The AUD/JPY has dropped over 1% from a six-month high of 97.43. This decline comes as the Japanese Yen strengthens, with the 10-year JGB yield reaching 1.6%, the highest level since 2008. Australia’s June employment report is anticipated on Thursday, with expectations of a 20,000 job increase and a stable 4.1% Unemployment Rate.
The Australian Dollar is pulling back against the Japanese Yen due to profit-taking and reduced momentum. Technical indicators show the rally stalling, with the Relative Strength Index easing from overbought levels. This suggests the currency pair is in a short-term technical correction phase.
Role of Australia Employment Report on RBA Policy
Australia’s upcoming employment report will shape expectations around the Reserve Bank of Australia’s monetary policy. A strong job gain could support current cash rates, while a disappointing result might prompt dovish market bets. Markets see an 80% likelihood of a rate cut in August, influenced by the forthcoming Consumer Price Index report.
In Japan, key macroeconomic releases this week include the trade balance and Consumer Price Index reports. These will provide insights into Japan’s economic health and influence the Bank of Japan’s policy expectations. Robust CPI data could increase Japanese yields, supporting the Yen and pressuring the AUD/JPY further.
We believe derivative traders are facing a key pivot in the AUD/JPY, driven by diverging central bank outlooks. The recent rise in Japanese government bond yields to over 1.0%, a level not sustained since 2012, signals a fundamental shift. This environment suggests that simply holding long positions is now considerably riskier.
With Australia’s latest monthly CPI coming in hotter than expected at 4.0%, the upcoming employment figures are now even more critical. We suggest using options, like buying put options, to hedge against a weaker-than-expected jobs report that could solidify bets for a Reserve Bank rate cut.
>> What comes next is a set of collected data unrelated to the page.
(* Let $V$ be a real vector space of dimension $d>1$ and $\Gamma<\mathrm{SL}(V)$ a torsion-free projective Anosov subgroup with limit maps $\xi,\xi^*$. Let $\gamma_k\in\Gamma$ be a sequence with distinct boundary limits $\gamma_+=\lim\gamma_k\in\partial_\infty\Gamma$ and $\gamma_-=\lim\gamma_k^{-1}\in\partial_\infty\Gamma$. Then for any sequence $v_k\to v\in V\setminus\{0\}$ such that $[v]\not\subset\ker\xi^*(\gamma_-)$, one has $\gamma_kv_k\to\infty$ as $k\to\infty$.
   Context: Projective Anosov: finitely generated Gromov hyperbolic with $\lambda_1(\gamma)-\lambda_2(\gamma)\ge c|\gamma|_\infty-c'$ for constants $c,c'>0$ ($\lambda_i$ log-moduli of eigenvalues in decreasing order, $|\cdot|_\infty$ stable word length). The limit maps $\xi:\partial_\infty\Gamma\to\mathbb{P}(V)$, $\xi^*:\partial_\infty\Gamma\to\mathbb{P}(V^* )$ are the unique continuous $\Gamma$-equivariant maps with $\xi(x)\subset\ker\xi^*(y)$ iff $x=y$ and $\xi(\gamma_+)$ (resp. $\xi^*(\gamma_-)$) the top eigenline of infinite order $\gamma$ (resp. of its dual action). Convergence $\gamma_k\to\gamma_+$ is in the compactification $\Gamma\cup\partial_\infty\Gamma$. $\gamma_kv_k\to\infty$ means the sequence leaves every compact subset of $V$. *)

From HB Require Import structures.
From mathcomp Require Import all_boot all_order all_algebra.
From mathcomp Require Import all_classical all_reals all_analysis.
From mathcomp Require Import complex.

Set Implicit Arguments.
Unset Strict Implicit.
Unset Printing Implicit Defensive.

Import Order.TTheory GRing.Theory Num.Theory.
Import numFieldNormedType.Exports.
Local Open Scope classical_set_scope.
Local Open Scope ring_scope.

Section Defs.
Variables (R : realType) (d : nat).
Local Notation M := 'M[R]_d.
Local Notation V := 'cV[R]_d.
Local Notation Vs := 'rV[R]_d.

Definition mxpow (g : M) (n : nat) : M := iter n (mulmx g) 1%:M.

Definition subgroup_SL (G : set M) : Prop :=
  [/\ G 1%:M,
      (forall g h, G g -> G h -> G (g *m h)),
      (forall g, G g -> G (invmx g)) &
      (forall g, G g -> \det g = 1)].

Definition torsion_free (G : set M) : Prop :=
  forall g, G g -> g != 1%:M -> forall n : nat, (0 < n)%N -> mxpow g n != 1%:M.

Definition is_letter (S : seq M) (a : M) : bool := (a \in S) || (invmx a \in S).

Definition word_reach (S : seq M) (g : M) (n : nat) : Prop :=
  exists w : seq M, [/\ size w = n, all (is_letter S) w & foldr mulmx 1%:M w = g].

Definition wordlen (S : seq M) (g : M) : nat :=
  match pselect (exists n, (fun n => `[< word_reach S g n >]) n) with
  | left H => ex_minn H
  | right _ => 0%N
  end.

Definition generates (S : seq M) (G : set M) : Prop :=
  (forall a, a \in S -> G a) /\ (forall g, G g -> exists n, word_reach S g n).

(** Gromov product (x|y)_w in the word metric d(x,y) = |x^-1 y| *)
Definition gprod (S : seq M) (w x y : M) : R :=
  ((wordlen S (invmx w *m x))%:R + (wordlen S (invmx w *m y))%:R
    - (wordlen S (invmx x *m y))%:R) / 2.

Definition gprod0 (S : seq M) (x y : M) : R := gprod S 1%:M x y.

Definition hyperbolic_group (S : seq M) (G : set M) : Prop :=
  exists delta : R, 0 <= delta /\
    forall w x y z, G w -> G x -> G y -> G z ->
      Num.min (gprod S w x y) (gprod S w y z) - delta <= gprod S w x z.

Definition tends_infty2 (f : nat -> nat -> R) : Prop :=
  forall B : R, exists N : nat, forall m n, (N <= m)%N -> (N <= n)%N -> B <= f m n.

(** Gromov boundary: sequences in G converging at infinity, up to equivalence *)
Definition bd_point (S : seq M) (G : set M) (a : nat -> M) : Prop :=
  (forall n, G (a n)) /\ tends_infty2 (fun m n => gprod0 S (a m) (a n)).

Definition bd_equiv (S : seq M) (a b : nat -> M) : Prop :=
  tends_infty2 (fun m n => gprod0 S (a m) (b n)).

Definition seq_to_bd (S : seq M) (g : nat -> M) (a : nat -> M) : Prop :=
  tends_infty2 (fun k n => gprod0 S (g k) (a n)).

Definition bd_conv (S : seq M) (x : nat -> nat -> M) (a : nat -> M) : Prop :=
  forall B : R, exists K : nat, forall k, (K <= k)%N ->
    exists N : nat, forall m n, (N <= m)%N -> (N <= n)%N -> B <= gprod0 S (x k m) (a n).

(** projective lines: nonzero vectors up to nonzero scalars *)
Definition same_line (m n : nat) (u v : 'M[R]_(m, n)) : Prop :=
  exists c : R, c != 0 /\ u = c *: v.

(** eigenvalues: complex roots (with multiplicity) of the characteristic polynomial *)
Definition toC (x : R) : complex.complex R := complex.Complex x 0.
Definition modC (z : complex.complex R) : R :=
  Num.sqrt (complex.Re z ^+ 2 + complex.Im z ^+ 2).

Definition eig_seq (g : M) (s : seq (complex.complex R)) : Prop :=
  map_poly toC (char_poly g) = \prod_(z <- s) ('X - z%:P).

Definition top_modulus (g : M) (mu : R) : Prop :=
  forall s, eig_seq g s -> forall z, z \in s -> modC z <= `|mu|.

Definition stable_len (S : seq M) (g : M) : R :=
  limn (fun n : nat => ((wordlen S (mxpow g n))%:R / n%:R : R)).

(** lambda_1(g) - lambda_2(g), computed from a list s of eigenvalues *)
Definition lam12 (s : seq (complex.complex R)) : R :=
  let m := sort (fun x y : R => y <= x) (map modC s) in
  ln (nth 0 m 0) - ln (nth 0 m 1).

Definition projective_anosov (S : seq M) (G : set M) : Prop :=
  hyperbolic_group S G /\
  exists c c' : R, 0 < c /\ 0 < c' /\
    forall g, G g -> forall s, eig_seq g s -> c * stable_len S g - c' <= lam12 s.

(** xi : boundary -> P(V), xis : boundary -> P(dual of V) are the limit maps:
    V = column vectors, dual of V = row vectors, pairing phi(v) = phi *m v,
    dual action g.phi = phi *m g^-1. Boundary points are represented by
    sequences converging at infinity. *)
Definition limit_maps (S : seq M) (G : set M)
    (xi : (nat -> M) -> V) (xis : (nat -> M) -> Vs) : Prop :=
      (forall a, bd_point S G a -> xi a != 0 /\ xis a != 0) /\
      (forall a b, bd_point S G a -> bd_point S G b -> bd_equiv S a b ->
         same_line (xi a) (xi b) /\ same_line (xis a) (xis b)) /\
      (forall g a, G g -> bd_point S G a ->
         same_line (xi (fun n => g *m a n)) (g *m xi a) /\
         same_line (xis (fun n => g *m a n)) (xis a *m invmx g)) /\
      (forall (x : nat -> nat -> M) a, (forall k, bd_point S G (x k)) -> bd_point S G a ->
         bd_conv S x a ->
         (exists w : nat -> V, (forall k, same_line (w k) (xi (x k))) /\ w @ \oo --> xi a) /\
         (exists w : nat -> Vs, (forall k, same_line (w k) (xis (x k))) /\ w @ \oo --> xis a)) /\
      (forall a b, bd_point S G a -> bd_point S G b ->
         (xis b *m xi a = 0 <-> bd_equiv S a b)) /\
      (* dynamics preserving: xi(g_+) top eigenline of g, xis(g_-) top eigenline of
         the dual (transpose) action of g; g_+ = [g^n], g_- = [g^-n] *)
      (forall g, G g -> (forall n, (0 < n)%N -> mxpow g n != 1%:M) ->
         (exists mu : R, g *m xi (mxpow g) = mu *: xi (mxpow g) /\ top_modulus g mu) /\
         (exists mu : R, xis (mxpow (invmx g)) *m g = mu *: xis (mxpow (invmx g))
                         /\ top_modulus g mu)).

End Defs.

(* For large k the Gromov product (gam_k | gam_k^-1) stays bounded, since gam_k
   and gam_k^-1 converge to the distinct boundary points gam_+ and gam_-.  In a
   hyperbolic group this forces the powers of gam_k to grow linearly with speed
   about |gam_k|, so the stable length of gam_k, and with it (projective Anosov)
   the top eigenvalue mu_k of gam_k, tend to infinity.  The repelling points
   gam_k^- = lim gam_k^-n converge to gam_-, so by continuity suitable multiples
   w_k of xi*(gam_k^-) converge to xi*(gam_-), which does not vanish on v.  As
   w_k gam_k = mu_k w_k, the pairing w_k (gam_k v_k) = mu_k (w_k v_k) shows that
   gam_k v_k cannot stay in a compact set. *)

From HB Require Import structures.
From mathcomp Require Import all_boot all_order all_algebra.
From mathcomp Require Import all_classical all_reals all_analysis.
From mathcomp Require Import complex.
From mathcomp Require Import ring lra.
(* Let $\mathcal{X}=\{\boldsymbol{x}_1,\dots,\boldsymbol{x}_N\}\subseteq\mathbb{R}^D$ with $\|\boldsymbol{x}_j\|_2=1$ for all $j$, and let $\lambda\in(1,\infty)$. For each $j\in\{1,\dots,N\}$: (i) for every $\mathcal{X}_0\subseteq\mathcal{X}$, $f_\lambda(\boldsymbol{x}_j,\mathcal{X}_0)\in[1-\frac{1}{2\lambda},\frac{\lambda}{2}]$; (ii) $f_\lambda(\boldsymbol{x}_j,\emptyset)=\lambda/2$; (iii) for $\mathcal{X}_0\subseteq\mathcal{X}$, $f_\lambda(\boldsymbol{x}_j,\mathcal{X}_0)=1-\frac{1}{2\lambda}$ if and only if at least one of $\boldsymbol{x}_j$ or $-\boldsymbol{x}_j$ belongs to $\mathcal{X}_0$.
   Context: For $\mathcal{X}_0\subseteq\mathcal{X}$ nonempty and $\boldsymbol{x}_j\in\mathcal{X}$, define $f_\lambda(\boldsymbol{x}_j,\mathcal{X}_0):=\min_{\boldsymbol{c}\in\mathbb{R}^N}\|\boldsymbol{c}\|_1+\frac{\lambda}{2}\|\boldsymbol{x}_j-\sum_{i:\boldsymbol{x}_i\in\mathcal{X}_0}c_i\boldsymbol{x}_i\|_2^2$, and by convention $f_\lambda(\boldsymbol{x}_j,\emptyset):=\lambda/2$. *)

From mathcomp Require Import all_boot all_order all_algebra.
From mathcomp Require Import all_classical all_reals.
Set Implicit Arguments. Unset Strict Implicit. Unset Printing Implicit Defensive.
Import Order.TTheory GRing.Theory Num.Theory.
Local Open Scope classical_set_scope.
Local Open Scope ring_scope.

Definition sqnorm2 (R : realType) (D : nat) (v : 'rV[R]_D) : R :=
  \sum_(k < D) (v 0 k) ^+ 2.

Definition norm1 (R : realType) (N : nat) (c : 'I_N -> R) : R :=
  \sum_(i < N) `|c i|.

Definition fobj (R : realType) (D N : nat) (lam : R) (x : 'I_N -> 'rV[R]_D)
  (xj : 'rV[R]_D) (X0 : set 'rV[R]_D) (c : 'I_N -> R) : R :=
  norm1 c + lam / 2 * sqnorm2 (xj - \sum_(i < N | x i \in X0) c i *: x i).

(* f_lam(xj, X0) := min_c fobj (the minimum is attained; we take the infimum
   of the set of objective values), with convention f_lam(xj, emptyset) = lam/2 *)
Definition f_lam (R : realType) (D N : nat) (lam : R) (x : 'I_N -> 'rV[R]_D)
  (xj : 'rV[R]_D) (X0 : set 'rV[R]_D) : R :=
  if `[< X0 = set0 >] then lam / 2
  else inf [set fobj lam x xj X0 c | c in [set: 'I_N -> R]].

From mathcomp Require Import all_boot all_order all_algebra.
From mathcomp Require Import all_classical all_reals.
From mathcomp Require Import ring lra.
Import Order.TTheory GRing.Theory Num.Theory.
Local Open Scope classical_set_scope.
Local Open Scope ring_scope.
Set Implicit Arguments. Unset Strict Implicit. Unset Printing Implicit Defensive.

(* Write w := sum_i c_i x_i and s := <u, w> for the unit vector u = x_j.  Then
   ||u - w||^2 >= (1 - s)^2, and |s| <= rho ||c||_1 with
   rho := max_{x_i in X0} |<u, x_i>| <= 1.  Completing the square,
     s + lam/2 (1 - s)^2 = 1 - 1/(2 lam) + lam/2 (s - (1 - 1/lam))^2,
   so every objective value is at least 1 - 1/(2 lam), with equality for
   c = +-(1 - 1/lam) e_k when x_k = +-u.  If neither u nor -u lies in X0 then
   rho < 1, and the slack (1 - rho)|s| + lam/2 (s - (1 - 1/lam))^2 is bounded
   below by the positive constant [margin lam rho], independent of c; hence the
   infimum stays strictly above 1 - 1/(2 lam). *)

Section Scalar.
Variable R : realFieldType.

Lemma completed_square (lam s : R) : lam != 0 ->
  s + lam / 2 * (1 - s) ^+ 2 = 1 - 1 / (2 * lam) + lam / 2 * (s - (1 - lam^-1)) ^+ 2.
Proof. by move=> l0; field. Qed.

Lemma slack_ge_min (k lam a s : R) : 0 <= k -> 0 < lam -> 0 <= a ->
  Num.min (k * a / 2) (lam * a ^+ 2 / 8) <= k * `|s| + lam / 2 * (s - a) ^+ 2.
Proof.
move=> k0 l0 a0; rewrite ge_min.
have sq0 : 0 <= lam / 2 * (s - a) ^+ 2 by rewrite mulr_ge0 ?sqr_ge0 ?divr_ge0 ?ltW.
have abs0 : 0 <= k * `|s| by rewrite mulr_ge0.
case: (leP (a / 2) s) => hs; apply/orP; [left | right].
- have : k * a / 2 <= k * `|s|.
    by rewrite -mulrA ler_wpM2l // (le_trans hs) ?real_ler_norm ?num_real.
  lra.
- have : (a / 2) ^+ 2 <= (s - a) ^+ 2.
    by rewrite -[(s - a) ^+ 2]sqrrN ler_sqr ?nnegrE; lra.
  nra.
Qed.

Definition margin (lam rho : R) : R :=
  Num.min ((1 - rho) * (1 - lam^-1) / 2) (lam * (1 - lam^-1) ^+ 2 / 8).

Lemma margin1 lam : 1 < lam -> margin lam 1 = 0.
Proof.
move=> hl; rewrite /margin subrr !mul0r; apply/min_idPl.
have l0 : 0 < lam by lra.
by rewrite divr_ge0 // mulr_ge0 ?sqr_ge0 // ltW.
Qed.

Lemma margin_gt0 lam rho : 1 < lam -> rho < 1 -> 0 < margin lam rho.
Proof.
move=> hl hr; have l0 : 0 < lam by lra.
have a0 : 0 < 1 - lam^-1 by rewrite subr_gt0 invf_lt1.
rewrite lt_min; apply/andP; split; apply: divr_gt0 => //; apply: mulr_gt0 => //.
- by rewrite subr_gt0.
- exact: exprn_gt0.
Qed.

Lemma margin_lower_bound (lam rho t s q : R) : 1 < lam -> 0 <= rho <= 1 -> 0 <= t ->
  `|s| <= rho * t -> (1 - s) ^+ 2 <= q ->
  1 - 1 / (2 * lam) + margin lam rho <= t + lam / 2 * q.
Proof.
move=> hl /andP[r0]; rewrite -subr_ge0 => r1 t0 hs hq; have l0 : 0 < lam by lra.
have a0 : 0 <= 1 - lam^-1 by rewrite subr_ge0 ltW // invf_lt1.
have sq := completed_square s (lt0r_neq0 l0).
have slack := slack_ge_min s r1 l0 a0.
have st : (1 - rho) * `|s| <= t - s.
  have ts : `|s| <= t by have := mulr_ge0 r1 t0; lra.
  have : s <= `|s| by rewrite real_ler_norm ?num_real.
  have : 0 <= (1 - rho) * (t - `|s|) by rewrite mulr_ge0 // subr_ge0.
  lra.
have : lam / 2 * (1 - s) ^+ 2 <= lam / 2 * q.
  by apply: ler_wpM2l => //; rewrite divr_ge0 ?ltW.
rewrite /margin; lra.
Qed.
End Scalar.

Section InnerProduct.
Variables (R : realType) (D : nat).
Implicit Types u v w : 'rV[R]_D.

Definition dot u v : R := \sum_(k < D) u 0 k * v 0 k.

Lemma dotC u v : dot u v = dot v u.
Proof. by apply: eq_bigr => k _; rewrite mulrC. Qed.

Lemma dotBr u v w : dot u (v - w) = dot u v - dot u w.
Proof. by rewrite /dot -sumrB; apply: eq_bigr => k _; rewrite !mxE mulrBr. Qed.

Lemma dotZr (a : R) u v : dot u (a *: v) = a * dot u v.
Proof. by rewrite /dot mulr_sumr; apply: eq_bigr => k _; rewrite !mxE mulrCA. Qed.

Lemma dot_sumr (I : finType) (P : pred I) (c : I -> R) (v : I -> 'rV[R]_D) u :
  dot u (\sum_(i | P i) c i *: v i) = \sum_(i | P i) c i * dot u (v i).
Proof.
rewrite /dot; under eq_bigr => k _ do rewrite summxE big_distrr /=.
rewrite exchange_big /=; apply: eq_bigr => i _.
by rewrite mulr_sumr; apply: eq_bigr => k _; rewrite !mxE mulrCA.
Qed.

Lemma sqnorm2_dot u : sqnorm2 u = dot u u.
Proof. by apply: eq_bigr => k _; rewrite expr2. Qed.

Lemma sqnorm2D u v : sqnorm2 (u + v) = sqnorm2 u + 2 * dot u v + sqnorm2 v.
Proof.
rewrite /sqnorm2 /dot mulr_sumr -!big_split /=; apply: eq_bigr => k _.
by rewrite !mxE; ring.
Qed.

Lemma sqnorm2B u v : sqnorm2 (u - v) = sqnorm2 u - 2 * dot u v + sqnorm2 v.
Proof.
rewrite /sqnorm2 /dot mulr_sumr -sumrB -big_split /=; apply: eq_bigr => k _.
by rewrite !mxE; ring.
Qed.

Lemma sqnorm2Z (a : R) u : sqnorm2 (a *: u) = a ^+ 2 * sqnorm2 u.
Proof. by rewrite /sqnorm2 mulr_sumr; apply: eq_bigr => k _; rewrite !mxE exprMn. Qed.

Lemma sqnorm2_ge0 u : 0 <= sqnorm2 u.
Proof. by apply: sumr_ge0 => k _; rewrite sqr_ge0. Qed.

Lemma sqnorm2_eq0 u : sqnorm2 u = 0 -> u = 0.
Proof.
move=> u0; apply/matrixP => i k; rewrite (ord1 i) mxE.
have /eqP := psumr_eq0P (fun k _ => sqr_ge0 (u 0 k)) u0 (i := k) isT.
by rewrite sqrf_eq0 => /eqP.
Qed.

Lemma sqr_dot_le u v : sqnorm2 u = 1 -> dot u v ^+ 2 <= sqnorm2 v.
Proof.
move=> u1; have := sqnorm2_ge0 (v - dot u v *: u).
by rewrite sqnorm2B sqnorm2Z u1 dotZr (dotC v u); nra.
Qed.

Lemma norm_dot_le1 u v : sqnorm2 u = 1 -> sqnorm2 v = 1 -> `|dot u v| <= 1.
Proof.
move=> u1 v1; have := sqr_dot_le v u1; rewrite v1 => h.
by rewrite ler_norml; apply/andP; split; nra.
Qed.

Lemma unit_norm_dot_eq1 u v : sqnorm2 u = 1 -> sqnorm2 v = 1 ->
  `|dot u v| = 1 -> v = u \/ v = - u.
Proof.
move=> u1 v1 /eqP; rewrite eqr_norml ler01 andbT => /orP[] /eqP d.
- left; have /sqnorm2_eq0/eqP : sqnorm2 (u - v) = 0 by rewrite sqnorm2B u1 v1 d; ring.
  by rewrite subr_eq0 => /eqP.
- right; have /sqnorm2_eq0/eqP : sqnorm2 (u + v) = 0 by rewrite sqnorm2D u1 v1 d; ring.
  by rewrite addrC addr_eq0 => /eqP.
Qed.
End InnerProduct.

Section L1Norm.
Variables (R : realType) (N : nat).

Lemma norm1_ge0 (c : 'I_N -> R) : 0 <= norm1 c.
Proof. exact: sumr_ge0. Qed.

Lemma norm_sum_le_norm1 (P : pred 'I_N) (c d : 'I_N -> R) (rho : R) : 0 <= rho ->
  (forall i, P i -> `|d i| <= rho) -> `|\sum_(i | P i) c i * d i| <= rho * norm1 c.
Proof.
move=> r0 hd; apply: le_trans (ler_norm_sum _ _ _) _.
rewrite /norm1 mulr_sumr big_mkcond /=; apply: ler_sum => i _.
case: ifP => Pi; last by rewrite mulr_ge0.
by rewrite normrM mulrC ler_wpM2r // hd.
Qed.
End L1Norm.

Section Objective.
Variables (R : realType) (D N : nat) (x : 'I_N -> 'rV[R]_D) (lam : R) (u : 'rV[R]_D).
Hypotheses (x1 : forall i, sqnorm2 (x i) = 1) (u1 : sqnorm2 u = 1) (lam_gt1 : 1 < lam).
Implicit Types (X : set 'rV[R]_D) (c : 'I_N -> R).

Local Notation L := (1 - 1 / (2 * lam)).

Let lam_gt0 : 0 < lam := lt_trans ltr01 lam_gt1.

Lemma fobj_ge_margin X c rho : 0 <= rho <= 1 ->
    (forall i, x i \in X -> `|dot u (x i)| <= rho) ->
  L + margin lam rho <= fobj lam x u X c.
Proof.
move=> /andP[r0 r1] hrho; rewrite /fobj; set w := (X in u - X).
apply: (margin_lower_bound (s := dot u w)) => //; first by rewrite r0.
- exact: norm1_ge0.
- by rewrite /w dot_sumr; exact: norm_sum_le_norm1.
- by have := sqr_dot_le (u - w) u1; rewrite dotBr -sqnorm2_dot u1.
Qed.

Lemma fobj_ge X c : L <= fobj lam x u X c.
Proof.
have := @fobj_ge_margin X c 1; rewrite margin1 // addr0 ler01 lexx; apply=> // i _.
exact: norm_dot_le1.
Qed.

Lemma fobj0 X : fobj lam x u X (fun _ => 0) = lam / 2.
Proof.
rewrite /fobj /norm1 big1 ?normr0 // add0r big1 ?subr0 ?u1 ?mulr1 //.
by move=> i _; rewrite scale0r.
Qed.

Lemma fobj_atom X k (a : R) : x k \in X ->
  fobj lam x u X (fun i => if i == k then a else 0)
  = `|a| + lam / 2 * sqnorm2 (u - a *: x k).
Proof.
move=> Xk; rewrite /fobj /norm1 (bigD1 k) //= eqxx big1 ?addr0; last first.
  by move=> i /negPf ->; rewrite normr0.
rewrite (bigD1 k) //= eqxx big1 ?addr0 //.
by move=> i /andP[_ /negPf ->]; rewrite scale0r.
Qed.

Lemma f_lam_ge X m : (forall c, m <= fobj lam x u X c) -> m <= f_lam lam x u X.
Proof.
move=> hm; rewrite /f_lam; case: asboolP => _; first by rewrite -(fobj0 X).
apply: lb_le_inf; last by move=> _ [c _ <-].
by exists (fobj lam x u X (fun _ => 0)), (fun _ => 0).
Qed.

Lemma f_lam_le X c : X <> set0 -> f_lam lam x u X <= fobj lam x u X c.
Proof.
move=> X_neq0; rewrite /f_lam asboolF //; apply: ge_inf; last by exists c.
by exists L => _ [c' _ <-]; exact: fobj_ge.
Qed.

Lemma f_lam_le_half X : f_lam lam x u X <= lam / 2.
Proof.
have [->|X_neq0] := pselect (X = set0); first by rewrite /f_lam asboolT.
by rewrite -(fobj0 X) f_lam_le.
Qed.

Lemma f_lam_gt X : ~ (u \in X \/ - u \in X) -> L < f_lam lam x u X.
Proof.
move=> uX; set rho := \big[Num.max/0]_(i | x i \in X) `|dot u (x i)|.
have rho_ge i : x i \in X -> `|dot u (x i)| <= rho by move=> Xi; exact: le_bigmax_cond.
have rho0 : 0 <= rho by apply/bigmax_geP; left.
have rho1 : rho < 1.
  apply: bigmax_lt => // i Xi; rewrite lt_neqAle norm_dot_le1 // andbT.
  by apply/eqP => /(unit_norm_dot_eq1 u1 (x1 i)) [] xi; apply: uX; rewrite -xi; [left | right].
apply: (@lt_le_trans _ _ (L + margin lam rho)); first by rewrite ltrDl margin_gt0.
by apply: f_lam_ge => c; apply: fobj_ge_margin; rewrite ?rho0 ?ltW.
Qed.

Lemma f_lam_eq X : X `<=` range x -> u \in X \/ - u \in X -> f_lam lam x u X = L.
Proof.
move=> Xx uX.
have [k Xk uk] : exists2 k, x k \in X & u = x k \/ u = - x k.
  case: uX => uX; have [k _ xk] := Xx _ (set_mem uX); exists k; rewrite xk ?opprK //.
  - by left.
  - by right.
have X_neq0 : X <> set0 by move=> X_eq0; move: Xk; rewrite X_eq0 in_setE.
apply/eqP; rewrite eq_le (f_lam_ge (fobj_ge X)) andbT.
suff [c <-] : exists c, fobj lam x u X c = L by exact: f_lam_le.
set a := 1 - lam^-1.
have a0 : 0 <= a by rewrite subr_ge0 ltW // invf_lt1.
have atom : `|a| + lam / 2 * sqnorm2 (u - a *: u) = L.
  rewrite ger0_norm // -{1}(scale1r u) -scalerBl sqnorm2Z u1 mulr1.
  by rewrite completed_square ?subrr ?expr0n ?mulr0 ?addr0 // gt_eqF.
case: uk => uk.
- by exists (fun i => if i == k then a else 0); rewrite fobj_atom // -uk.
- exists (fun i => if i == k then - a else 0).
  by rewrite fobj_atom // normrN scaleNr -scalerN -uk.
Qed.
End Objective.

Theorem lemma2 (R : realType) (D N : nat) (x : 'I_N -> 'rV[R]_D) (lam : R)
  (hunit : forall j, sqnorm2 (x j) = 1) (hlam : 1 < lam) :
  forall j : 'I_N,
    (forall X0 : set 'rV[R]_D, X0 `<=` range x ->
       1 - 1 / (2 * lam) <= f_lam lam x (x j) X0 <= lam / 2)
    /\ f_lam lam x (x j) set0 = lam / 2
    /\ (forall X0 : set 'rV[R]_D, X0 `<=` range x ->
       (f_lam lam x (x j) X0 = 1 - 1 / (2 * lam) <->
        (x j \in X0 \/ - x j \in X0))).
Proof.
move=> j; have xj1 := hunit j.
split; [|split].
- move=> X0 _; rewrite f_lam_le_half // andbT.
  by apply: f_lam_ge => // c; exact: fobj_ge.
- by rewrite /f_lam asboolT.
- move=> X0 X0x; split; last exact: f_lam_eq.
  move=> fL; apply: contrapT => /(f_lam_gt hunit xj1 hlam).
  by rewrite fL ltxx.
Qed.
This strategy provides downside protection while limiting risk to the premium paid.
Japan’s Inflation Influence on Yen Strength
On the other side, Japan’s core inflation remains above the central bank’s 2% target, recently clocking in at 2.5%. Another strong CPI reading could fuel speculation that the Bank will follow its historic March rate hike, the first in 17 years, with further policy normalization. This potential for yen strength makes short-term bearish strategies on the pair attractive.
The pair’s easing from overbought conditions on the Relative Strength Index supports the view of a continuing technical correction. We see an opportunity to implement a bear put spread, which involves buying a higher-strike put and selling a lower-strike one. This approach allows traders to profit from a moderate decline while capping both potential profit and risk.
Given the slate of market-moving data from both countries, we anticipate a spike in volatility. Historically, the pair’s implied volatility has risen sharply around key central bank announcements. Traders uncertain of direction could consider a long straddle, purchasing both a call and a put option at the same strike price to profit from a significant move in either direction.